ANOVA – Does ANOVA Rely on the Method of Moments or Maximum Likelihood?

anovamaximum likelihoodmethod of momentsmixed model

I see mentioned in various places that ANOVA does its estimation using the method of moments.

I am confused by that assertion because, even though I am not familiar with the method of moments, my understanding is that it is something different from and not equivalent to the method of maximum likelihood; on the other hand, ANOVA can be seen as a linear regression with categorical predictors and OLS estimation of regression parameters is maximum likelihood.

So:

  1. What qualifies ANOVA procedures as the method of moments?

  2. Given that ANOVA is equivalent to OLS with categorical predictors, isn't it maximum likelihood?

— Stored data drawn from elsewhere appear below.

(* Let $T>0$ and let $g:[0,T]\to\mathbb R$ be a right-continuous nondecreasing function such that $g(t)-g(t-)\le\frac12$ for all $t\in(0,T]$. Then the Kurzweil integral equation $$y(t)=1+\int_0^t y(\tau)\,\mathrm dg(\tau)\quad\forall t\in[0,T]$$ has a unique nondecreasing right-continuous solution $y:[0,T]\to[1,\infty)$, and $y(t)\le \mathrm e^{2(g(T)-g(0))}$ for all $t\in[0,T]$.
   Context: The integral is the Kurzweil integral: $J=\int_a^b f(t)\,\mathrm dg(t)$ if for every $\varepsilon>0$ there is a gauge $\delta:[a,b]\to(0,\infty)$ such that $|J-\sum_{j=1}^m f(\tau_j)(g(t_j)-g(t_{j-1}))|<\varepsilon$ for every partition $a=t_0<\dots<t_m=b$, $\tau_j\in[t_{j-1},t_j]$, with $[t_{j-1},t_j]\subset(\tau_j-\delta(\tau_j),\tau_j+\delta(\tau_j))$ for all $j$, $t_{j-1}<\tau_j$ for $j\ge2$, and $\tau_j<t_j$ for $j\le m-1$. $g(t-)$ denotes the left limit. *)

From Stdlib Require Import Reals Lra.
Open Scope R_scope.

Fixpoint rs_sum (f g : R -> R) (t tau : nat -> R) (m : nat) : R :=
  match m with
  | O => 0
  | S k => rs_sum f g t tau k + f (tau (S k)) * (g (t (S k)) - g (t k))
  end.

Definition fine_partition (delta : R -> R) (a b : R)
    (m : nat) (t tau : nat -> R) : Prop :=
  t O = a /\ t m = b /\
  (forall j, (1 <= j <= m)%nat ->
     t (j - 1)%nat < t j /\
     t (j - 1)%nat <= tau j <= t j /\
     tau j - delta (tau j) < t (j - 1)%nat /\
     t j < tau j + delta (tau j) /\
     ((2 <= j)%nat -> t (j - 1)%nat < tau j) /\
     ((j <= m - 1)%nat -> tau j < t j)).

  3. If these two methods somehow turn out to be equivalent in the special case of usual ANOVA, are there some specific ANOVA situations when the difference becomes important? Unbalanced design? Repeated measures? Mixed (between-subjects + within-subjects) design?

Best Answer

I first encountered the ANOVA when I was a Master's student at Oxford in 1978. Modern approaches, by teaching continuous and categorical variables together in the multiple regression model, make it difficult for younger statisticians to understand what is going on. So it can be helpful to go back to simpler times.

In its original form, the ANOVA is an exercise in arithmetic whereby you break up the total sum of squares into pieces associated with treatments, blocks, interactions, whatever. In a balanced setting, sums of squares with an intuitive meaning (like SSB and SST) add up to the adjusted total sum of squares. All of this works thanks to Cochran's Theorem. Using Cochran, you can work out the expected values of these terms under the usual null hypotheses, and the F statistics flow from there.

As a bonus, once you start thinking about Cochran and sums of squares, it makes sense to go on slicing and dicing your treatment sums of squares using orthogonal contrasts. Every entry in the ANOVA table should have an interpretation of interest to the statistician and yield a testable hypothesis.

I recently wrote an answer where the difference between MOM and ML methods arose. The question turned on estimating random effects models. At this point, the traditional ANOVA approach totally parts company with maximum likelihood estimation, and the estimates of the effects are no longer the same. When the design is unbalanced, you don't get the same F statistics either.

Back in the day, when statisticians wanted to compute random effects from split-plot or repeated measures designs, the random effects variance was computed from the mean squares of the ANOVA table. So if you have a plot with variance $\sigma^2_p$ and the residual variance is $\sigma^2$, you might have that the expected value of the mean square ("expected mean square", EMS) for plots is $\sigma^2 + n\sigma_p^2$, with $n$ the number of splits in the plot. You set the mean square equal to its expectation and solve for $\hat{\sigma_b^2}$. The ANOVA yields a method of moments estimator for the random effect variance. Now, we tend to solve such problems with mixed effects models and the variance components are obtained through maximum likelihood estimation or REML.

The ANOVA as such is not a method of moments procedure. It turns on splitting the sum of squares (or more generally, a quadratic form of the response) into components that yield meaningful hypotheses. It depends strongly on normality since we want the sums of squares to have chi-squared distributions for the F tests to work.

The maximum likelihood framework is more general and applies to situations like generalized linear models where sums of squares do not apply. Some software (like R) invite confusion by specifying anova methods to likelihood ratio tests with asymptotic chi-squared distributions. One can justify use of the term "anova", but strictly speaking, the theory behind it is different.